# Nankang Tyres ???



## Gixer-Mark

Hi All

Currently have Michelin on my M/H which obviously are the best but due to financial restrictions I have been advised by my local tyre dealer a tyre called 'NanKang' are perfectly safe and rated the same but are over half the price!!!! 
They are not the usual looking budget tyre, and following his advice, I have contacted my insurance company Sureterm, who made it clear to me I do not have to replace with a like 4 like tyre.

So, what should we do? I like the look of the tyre, they are very well priced and rated for safety and this makes all the sense for me to go with them .................... I await your advice !!!

Thanks, Mark


----------



## EJB

The problem with 'none MH' tyres is that they don't have the reinforced sidewalls to cope with maximum weight all the time. This is particularly important when the MH is static for long periods.

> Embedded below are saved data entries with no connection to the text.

(* One more exchange either stays early, or is the third Rule-1 move, whose
   usage pattern then dominates a copy of M or N. *)
Lemma early_state_exchange G H :
  early_state G -> exchange G H -> early_state H \/ containsMN E0.
Proof.
have [E0x E0d] := E0_chips.
move=> hG [[ea [eb [ec [j [[hsum ha hb hc hx] ->]]]]] | [hd ->]]; last first.
  by exfalso; case: hG hd => [-> | [-> ] | [->]] //; rewrite E0d.
case: hG => [eG | [hd hx1 hA hB hC] | [hd [ua [ub [uc [hA hB hC /and4P [] hua hub huc hxG husum]]]]]].
- subst G; left; apply: Or32; rewrite /= E0d.
  by move: hsum ha hb hc hx; rewrite E0x; case: ea; case: eb; case: ec => /= *; split; lia.
- left; apply: Or33; split=> /=; first lia.
  exists (1 + ea), (1 + eb), (1 + ec).
  by move: hsum ha hb hc hx; case: ea; case: eb; case: ec => /= *; split; lia.
- right; apply: (@large_usage_containsMN E0 (ua + ea) (ub + eb) (uc + ec)).
  all: move: hua hub huc hxG hsum ha hb hc hx;
       case: ea; case: eb; case: ec => /= /andP [? ?] /andP [? ?] /andP [? ?] /andP [? ?] *; lia.
Qed.

Lemma yields_early_state G : yields E0 G -> early_state G \/ containsMN E0.
Proof.
move/(clos_rt_rtn1 _ _ _ _); elim=> [|y z hyz _ [hy | hE]]; last by right.
- by left; apply: Or31.
- exact: early_state_exchange hy hyz.
Qed.

Lemma early_state_bounds G :
  early_state G -> cd G <= 2 /\ (0 < cd G -> 2 * cd G < chips E0).
Proof.
have [_ E0d] := E0_chips; rewrite /chips.
case=> [-> | [-> _ -> -> ->] | [-> [ua [ub [uc [-> -> -> /and4P [] ? ? ? ? ?]]]]]].
all: rewrite ?E0d; lia.
Qed.

Lemma dominoes_need_MN G :
  yields E0 G -> 0 < cd G -> 3 <= cd G \/ chips E0 <= 2 * cd G -> containsMN E0.
Proof.
case/yields_early_state=> [/early_state_bounds [hle hlt] hpos | //].
by have := hlt hpos; lia.
Qed.

End Necessity.

Lemma containsMN_chips E : containsMN E -> 7 <= chips E.
Proof. by case=> F [/pattern_chips [hF _ _] [? ? ? _ _]]; rewrite /chips in hF *; lia. Qed.

Lemma sufficient_containsMN E : chips_only E -> sufficient E -> containsMN E.
Proof.
move=> hE [G [hy [_ _ _ _ /= hd]]].
by apply: (dominoes_need_MN hE hy); [lia | left].
Qed.

Lemma survival_containsMN p I :
  1 <= p -> initial p I -> survival p I -> containsMN I.
Proof.
move=> hp [hI hsum] [G [hy [_ _ _ _ /= hd]]].
by apply: (dominoes_need_MN hI hy); [lia | right; rewrite /chips hsum /=; lia].
Qed.
Lemma ex_RInt_gamma_integrand z a b : 0 < a -> 0 < b -> ex_RInt (gamma_integrand z) a b.
Proof.
  intros Ha Hb. apply (ex_RInt_continuous (V:=R_CompleteNormedModule)). intros w Hw.
  apply continuous_gamma_integrand. assert (0 < Rmin a b) by (apply Rmin_glb_lt; auto). lra.
Qed.

Lemma RInt_gamma_integrand_pos z a b : 0 < a < b -> 0 < RInt (gamma_integrand z) a b.
Proof.
  intros [Ha Hab].
  replace 0 with (RInt (fun _ => 0) a b) at 1
    by (rewrite (RInt_const (V:=R_CompleteNormedModule)); apply Rmult_0_r).
  apply RInt_lt; auto.
  - intros; apply continuous_gamma_integrand; lra.
  - intros; apply continuous_const.
  - intros; apply gamma_integrand_pos; lra.
Qed.

Lemma RInt_gamma_integrand_monotone z a b a' b' : 0 < a' -> a' <= a -> a <= b -> b <= b' ->
  RInt (gamma_integrand z) a b <= RInt (gamma_integrand z) a' b'.
Proof.
  intros H1 H2 H3 H4.
  rewrite <- (RInt_Chasles (V:=R_CompleteNormedModule) _ a' a b')
    by (apply ex_RInt_gamma_integrand; lra).
  rewrite <- (RInt_Chasles (V:=R_CompleteNormedModule) _ a b b')
    by (apply ex_RInt_gamma_integrand; lra).
  assert (0 <= RInt (gamma_integrand z) a' a /\ 0 <= RInt (gamma_integrand z) b b')
    as [? ?].
  { split; apply RInt_ge_0; try lra; try (apply ex_RInt_gamma_integrand; lra);
      intros; left; apply gamma_integrand_pos; lra. }
  unfold plus; simpl. lra.
Qed.

(* Near 0 the integrand is at most [u^(z-1)], whose primitive is [u^z / z]. *)
Lemma RInt_gamma_integrand_head z a : 0 < z -> 0 < a <= 1 ->
  RInt (gamma_integrand z) a 1 <= 1 / z.
Proof.
  intros Hz [Ha Ha1].
  assert (HI : is_RInt (fun u => exp ((z - 1) * ln u)) a 1
                 (minus (exp (z * ln 1) / z) (exp (z * ln a) / z))).
  { apply (is_RInt_derive (V:=R_CompleteNormedModule) (fun u => exp (z * ln u) / z));
      intros x Hx; rewrite Rmin_left, Rmax_right in Hx by lra.
    - auto_derive; [lra|].
      replace ((z - 1) * ln x) with (z * ln x + - ln x) by ring.
      rewrite exp_plus, exp_Ropp, exp_ln by lra. field; lra.
    - apply (ex_derive_continuous (V:=R_NormedModule)). auto_derive. lra. }
  apply Rle_trans with (RInt (fun u => exp ((z - 1) * ln u)) a 1).
  - apply RInt_le; [lra | apply ex_RInt_gamma_integrand; lra | eexists; exact HI |].
    intros x Hx. unfold gamma_integrand, Rpower.
    rewrite <- (Rmult_1_r (exp ((z - 1) * ln x))) at 2.
    apply Rmult_le_compat_l; [left; apply exp_pos|].
    rewrite <- exp_0. apply exp_monotone; lra.
  - rewrite (is_RInt_unique _ _ _ _ HI). unfold minus, plus, opp; simpl.
    rewrite ln_1, Rmult_0_r, exp_0.
    assert (0 < exp (z * ln a) / z) by (apply Rdiv_lt_0_compat; [apply exp_pos | lra]).
    lra.
Qed.

Definition gamma_tail_const (z : R) : R :=
  exp (Rmax (z - 1) 0 * ln (2 * Rmax (z - 1) 0 + 2)).

(* With [w = max (z-1) 0] and [c = 2w + 2]: [ln u <= ln c + u / c], and [w u / c <= u / 2]. *)
Lemma gamma_integrand_tail_le z u : 1 <= u ->
  gamma_integrand z u <= gamma_tail_const z * exp (- u / 2).
Proof.
  intros Hu. unfold gamma_tail_const.
  set (w := Rmax (z - 1) 0). set (c := 2 * w + 2).
  assert (Hw0 : 0 <= w) by apply Rmax_r.
  assert (Hw1 : z - 1 <= w) by apply Rmax_l.
  assert (Hlu : 0 <= ln u) by (rewrite <- ln_1; apply ln_le; lra).
  assert (Hl : ln u <= ln c + u / c).
  { replace u with (c * (u / c)) at 1 by (unfold c; field; lra).
    assert (0 < u / c) by (unfold c; apply Rdiv_lt_0_compat; lra).
    rewrite ln_mult by (try exact H; unfold c; lra). generalize (ln_le_sub1 (u / c) H). lra. }
  assert (Hwu : w * (u / c) <= u / 2).
  { apply Rmult_le_reg_r with c; [unfold c; lra|].
    replace (w * (u / c) * c) with (w * u) by (unfold c; field; lra).
    replace (u / 2 * c) with (u * w + u) by (unfold c; field).
    lra. }
  unfold gamma_integrand, Rpower. rewrite <- !exp_plus. apply exp_monotone.
  assert ((z - 1) * ln u <= w * ln u) by (apply Rmult_le_compat_r; lra).
  assert (w * ln u <= w * (ln c + u / c)) by (apply Rmult_le_compat_l; lra).
  lra.
Qed.

Lemma RInt_gamma_integrand_tail z b : 1 <= b ->
  RInt (gamma_integrand z) 1 b <= 2 * gamma_tail_const z.
Proof.
  intros Hb. set (K := gamma_tail_const z).
  assert (HK : 0 < K) by apply exp_pos.
  assert (HI : is_RInt (fun u => K * exp (- u / 2)) 1 b
                 (minus (- 2 * K * exp (- b / 2)) (- 2 * K * exp (- 1 / 2)))).
  { apply (is_RInt_derive (V:=R_CompleteNormedModule) (fun u => - 2 * K * exp (- u / 2)));
      intros x Hx.
    - auto_derive; auto. lra.
    - apply (ex_derive_continuous (V:=R_NormedModule)). auto_derive. auto. }
  apply Rle_trans with (RInt (fun u => K * exp (- u / 2)) 1 b).
  - apply RInt_le; [lra | apply ex_RInt_gamma_integrand; lra | eexists; exact HI |].
    intros x Hx. apply gamma_integrand_tail_le. lra.
  - rewrite (is_RInt_unique _ _ _ _ HI). unfold minus, plus, opp; simpl.
    assert (exp (- 1 / 2) <= 1) by (rewrite <- exp_0; apply exp_monotone; lra).
    assert (0 < exp (- b / 2)) by apply exp_pos. nra.
Qed.

Lemma RInt_gamma_integrand_bounded z : 0 < z ->
  exists M, forall a b, 0 < a -> a <= b -> RInt (gamma_integrand z) a b <= M.
Proof.
  intros Hz. exists (1 / z + 2 * gamma_tail_const z). intros a b Ha Hab.
  pose proof (Rmin_l a 1). pose proof (Rmin_r a 1).
  pose proof (Rmax_l b 1). pose proof (Rmax_r b 1).
  assert (0 < Rmin a 1) by (apply Rmin_glb_lt; lra).
  apply Rle_trans with (RInt (gamma_integrand z) (Rmin a 1) (Rmax b 1)).
  { apply RInt_gamma_integrand_monotone; lra. }
  rewrite <- (RInt_Chasles (V:=R_CompleteNormedModule) _ (Rmin a 1) 1 (Rmax b 1))
    by (apply ex_RInt_gamma_integrand; lra).
  pose proof (RInt_gamma_integrand_head z (Rmin a 1) Hz ltac:(lra)).
  pose proof (RInt_gamma_integrand_tail z (Rmax b 1) ltac:(lra)).
  unfold plus; simpl. lra.
Qed.

Lemma Gamma_spec z : 0 < z ->
  (forall a b, 0 < a -> a <= b -> RInt (gamma_integrand z) a b <= Gamma z) /\
  (forall eps, 0 < eps -> exists a0 b0, 0 < a0 /\ a0 <= b0 /\
     forall a b, 0 < a -> a <= a0 -> b0 <= b -> Gamma z - eps < RInt (gamma_integrand z) a b).
Proof.
  intros Hz. destruct (RInt_gamma_integrand_bounded z Hz) as [M HM].
  set (E := fun v => exists a b, 0 < a /\ a <= b /\ v = RInt (gamma_integrand z) a b).
  assert (HB : bound E) by (exists M; intros v [a [b [Ha [Hab ->]]]]; apply HM; auto).
  assert (HE : exists v, E v) by (exists (RInt (gamma_integrand z) 1 1), 1, 1; repeat split; lra).
  destruct (completeness E HB HE) as [l [Hub Hlub]].
  assert (Hupper : forall a b, 0 < a -> a <= b -> RInt (gamma_integrand z) a b <= l)
    by (intros a b Ha Hab; apply Hub; exists a, b; auto).
  assert (Hlower : forall eps, 0 < eps -> exists a0 b0, 0 < a0 /\ a0 <= b0 /\
     forall a b, 0 < a -> a <= a0 -> b0 <= b -> l - eps < RInt (gamma_integrand z) a b).
  { intros eps Heps.
    assert (exists v, E v /\ l - eps < v) as [v [[a0 [b0 [Ha0 [Hab0 ->]]]] Hv]].
    { apply NNPP. intro Hn.
      assert (l <= l - eps); [|lra].
      apply Hlub. intros v Hv. apply Rnot_lt_le. intro Hlt. apply Hn. exists v; auto. }
    exists a0, b0. repeat split; auto.
    intros a b Ha Ha' Hb. eapply Rlt_le_trans; [exact Hv|].
    apply RInt_gamma_integrand_monotone; lra. }
  enough (Gamma z = l) as -> by auto.
  unfold Gamma. apply (is_RInt_gen_unique (V:=R_CompleteNormedModule) (gamma_integrand z)).
  intros P [eps HP].
  destruct (Hlower eps (cond_pos eps)) as [a0 [b0 [Ha0 [Hab0 Happ]]]].
  apply Filter_prod with (Q := fun a => 0 < a <= a0) (R := fun b => b0 < b).
  - exists (mkposreal a0 Ha0). intros a Ha Hpos.
    change (Rabs (a - 0) < a0) in Ha. apply Rabs_def2 in Ha. simpl; lra.
  - exists b0. auto.
  - intros a b [Ha Ha'] Hb. exists (RInt (gamma_integrand z) a b). split.
    + apply (RInt_correct (V:=R_CompleteNormedModule)). apply ex_RInt_gamma_integrand; lra.
    + apply HP. change (Rabs (RInt (gamma_integrand z) a b - l) < eps).
      pose proof (Happ a b ltac:(lra) Ha' ltac:(lra)).
      pose proof (Hupper a b ltac:(lra) ltac:(lra)).
      apply Rabs_def1; lra.
Qed.

Lemma Gamma_pos z : 0 < z -> 0 < Gamma z.
Proof.
  intros Hz. eapply Rlt_le_trans; [apply (RInt_gamma_integrand_pos z 1 2); lra|].
  apply (proj1 (Gamma_spec z Hz)); lra.
Qed.

Lemma Rabs_le_all_eps_eq0 x : (forall eps, 0 < eps -> Rabs x <= eps) -> x = 0.
Proof.
  intros H. apply Rabs_eq_0, Rle_antisym; [|apply Rabs_pos].
  apply le_of_forall_eps. intros eps Heps. specialize (H eps Heps). lra.
Qed.

Lemma RInt_gamma_integrand_succ z a b : 0 < a -> 0 < b ->
  RInt (gamma_integrand (z + 1)) a b =
  gamma_integrand (z + 1) a - gamma_integrand (z + 1) b + z * RInt (gamma_integrand z) a b.
Proof.
  intros Ha Hb.
  assert (Hm : 0 < Rmin a b) by (apply Rmin_glb_lt; lra).
  assert (HI : is_RInt (fun u => gamma_integrand (z + 1) u - z * gamma_integrand z u) a b
     (minus (- gamma_integrand (z + 1) b) (- gamma_integrand (z + 1) a))).
  { apply (is_RInt_derive (V:=R_CompleteNormedModule) (fun u => - gamma_integrand (z + 1) u));
      intros x Hx.
    - unfold gamma_integrand, Rpower. auto_derive; [lra|].
      replace (z + 1 - 1) with z by ring.
      replace ((z - 1) * ln x) with (z * ln x + - ln x) by ring.
      rewrite exp_plus, (exp_Ropp (ln x)), exp_ln by lra. field; lra.
    - apply (continuous_minus (V:=R_NormedModule));
        [|apply (continuous_scal_r (V:=R_NormedModule) z (gamma_integrand z))];
        apply continuous_gamma_integrand; lra. }
  assert (HJ : is_RInt (fun u => gamma_integrand (z + 1) u - z * gamma_integrand z u) a b
     (minus (RInt (gamma_integrand (z + 1)) a b) (scal z (RInt (gamma_integrand z) a b)))).
  { apply (is_RInt_minus (V:=R_NormedModule)); [|apply (is_RInt_scal (V:=R_NormedModule))];
      apply (RInt_correct (V:=R_CompleteNormedModule)); apply ex_RInt_gamma_integrand; lra. }
  pose proof (is_RInt_unique _ _ _ _ HI) as EI. rewrite (is_RInt_unique _ _ _ _ HJ) in EI.
  unfold minus, plus, opp, scal in EI; simpl in EI. unfold mult in EI; simpl in EI. lra.
Qed.

Lemma gamma_boundary_small_at_0 z eps : 0 < z -> 0 < eps ->
  exists a0, 0 < a0 /\ forall a, 0 < a -> a <= a0 -> gamma_integrand (z + 1) a <= eps.
Proof.
  intros Hz Heps. exists (exp (ln eps / z)). split; [apply exp_pos|].
  intros a Ha Ha0. unfold gamma_integrand, Rpower. replace (z + 1 - 1) with z by ring.
  assert (exp (- a) <= 1) by (rewrite <- exp_0; apply exp_monotone; lra).
  assert (exp (z * ln a) <= eps).
  { rewrite <- (exp_ln eps Heps). apply exp_monotone.
    replace (ln eps) with (z * ln (exp (ln eps / z))) by (rewrite ln_exp; field; lra).
    apply Rmult_le_compat_l; [lra|]. apply ln_le; auto. }
  pose proof (exp_pos (z * ln a)). nra.
Qed.

Lemma gamma_boundary_small_at_infty z eps : 0 < eps ->
  exists b0, 0 < b0 /\ forall b, b0 <= b -> gamma_integrand (z + 1) b <= eps.
Proof.
  intros Heps. set (K := gamma_tail_const (z + 1)).
  assert (HK : 0 < K) by apply exp_pos.
  exists (Rmax 1 (- 2 * ln (eps / K))). split; [pose proof (Rmax_l 1 (- 2 * ln (eps / K))); lra|].
  intros b Hb. pose proof (Rmax_l 1 (- 2 * ln (eps / K))). pose proof (Rmax_r 1 (- 2 * ln (eps / K))).
  eapply Rle_trans; [apply gamma_integrand_tail_le; lra|]. fold K.
  replace eps with (K * exp (ln (eps / K)))
    by (rewrite exp_ln by (apply Rdiv_lt_0_compat; lra); field; lra).
  apply Rmult_le_compat_l; [lra|]. apply exp_monotone. lra.
Qed.

Lemma Gamma_succ z : 0 < z -> Gamma (z + 1) = z * Gamma z.
Proof.
  intros Hz. apply Rminus_diag_uniq, Rabs_le_all_eps_eq0. intros eps Heps.
  set (e := eps / (z + 2)). assert (He : 0 < e) by (apply Rdiv_lt_0_compat; lra).
  destruct (Gamma_spec z Hz) as [U0 L0].
  destruct (Gamma_spec (z + 1) ltac:(lra)) as [U1 L1].
  destruct (L0 e He) as [a0 [b0 [Ha0 [Hab0 A0]]]].
  destruct (L1 e He) as [a1 [b1 [Ha1 [Hab1 A1]]]].
  destruct (gamma_boundary_small_at_0 z e Hz He) as [a2 [Ha2 Ba]].
  destruct (gamma_boundary_small_at_infty z e He) as [b2 [Hb2 Bb]].
  set (a := Rmin a0 (Rmin a1 a2)). set (b := Rmax b0 (Rmax b1 (Rmax b2 a))).
  assert (Ha : 0 < a) by (apply Rmin_glb_lt; [|apply Rmin_glb_lt]; lra).
  assert (a <= a0) by apply Rmin_l.
  assert (a <= a1) by (eapply Rle_trans; [apply Rmin_r | apply Rmin_l]).
  assert (a <= a2) by (eapply Rle_trans; [apply Rmin_r | apply Rmin_r]).
  assert (b0 <= b) by apply Rmax_l.
  assert (b1 <= b) by (eapply Rle_trans; [apply Rmax_l | apply Rmax_r]).
  assert (b2 <= b)
    by (eapply Rle_trans; [|apply Rmax_r]; eapply Rle_trans; [apply Rmax_l | apply Rmax_r]).
  assert (a <= b)
    by (eapply Rle_trans; [|apply Rmax_r]; eapply Rle_trans; [apply Rmax_r | apply Rmax_r]).
  pose proof (U0 a b Ha ltac:(lra)). pose proof (A0 a b Ha ltac:(lra) ltac:(lra)).
  pose proof (U1 a b Ha ltac:(lra)). pose proof (A1 a b Ha ltac:(lra) ltac:(lra)).
  rewrite RInt_gamma_integrand_succ in * by lra.
  pose proof (Ba a Ha ltac:(lra)). pose proof (Bb b ltac:(lra)).
  pose proof (gamma_integrand_pos (z + 1) a Ha). pose proof (gamma_integrand_pos (z + 1) b ltac:(lra)).
  set (I := RInt (gamma_integrand z) a b) in *.
  assert (z * (Gamma z - e) <= z * I <= z * Gamma z) by (split; apply Rmult_le_compat_l; lra).
  replace eps with ((z + 2) * e) by (unfold e; field; lra).
  apply Rabs_le. nra.
Qed.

Many use other types of tyres........so the decision is yours :wink:


----------



## brianamelia

Hi Mark we use nankang tyres on the cheap alloy wheels we sell .They are a budget tyre though still have to pass all the relevant safety issues .They wont last as long and possibly wont grip as well but at half the price there has to be a trade off .You pays your money you takes your choice
Bri


----------



## Waleem

I have used Nankangs on both vans and cars. They are a good long lasting budget tyre and I would certainly use them on my MH.


----------



## bigfoot

Easy Mobile Tyre Fit; www.easymobiletyrefit.co.uk;

As the name implies its a tyre fitting service which comes out to your home or wherever you are parked (at no extra charge). This is a boon for motorhomes as some places can't take accomodate the height.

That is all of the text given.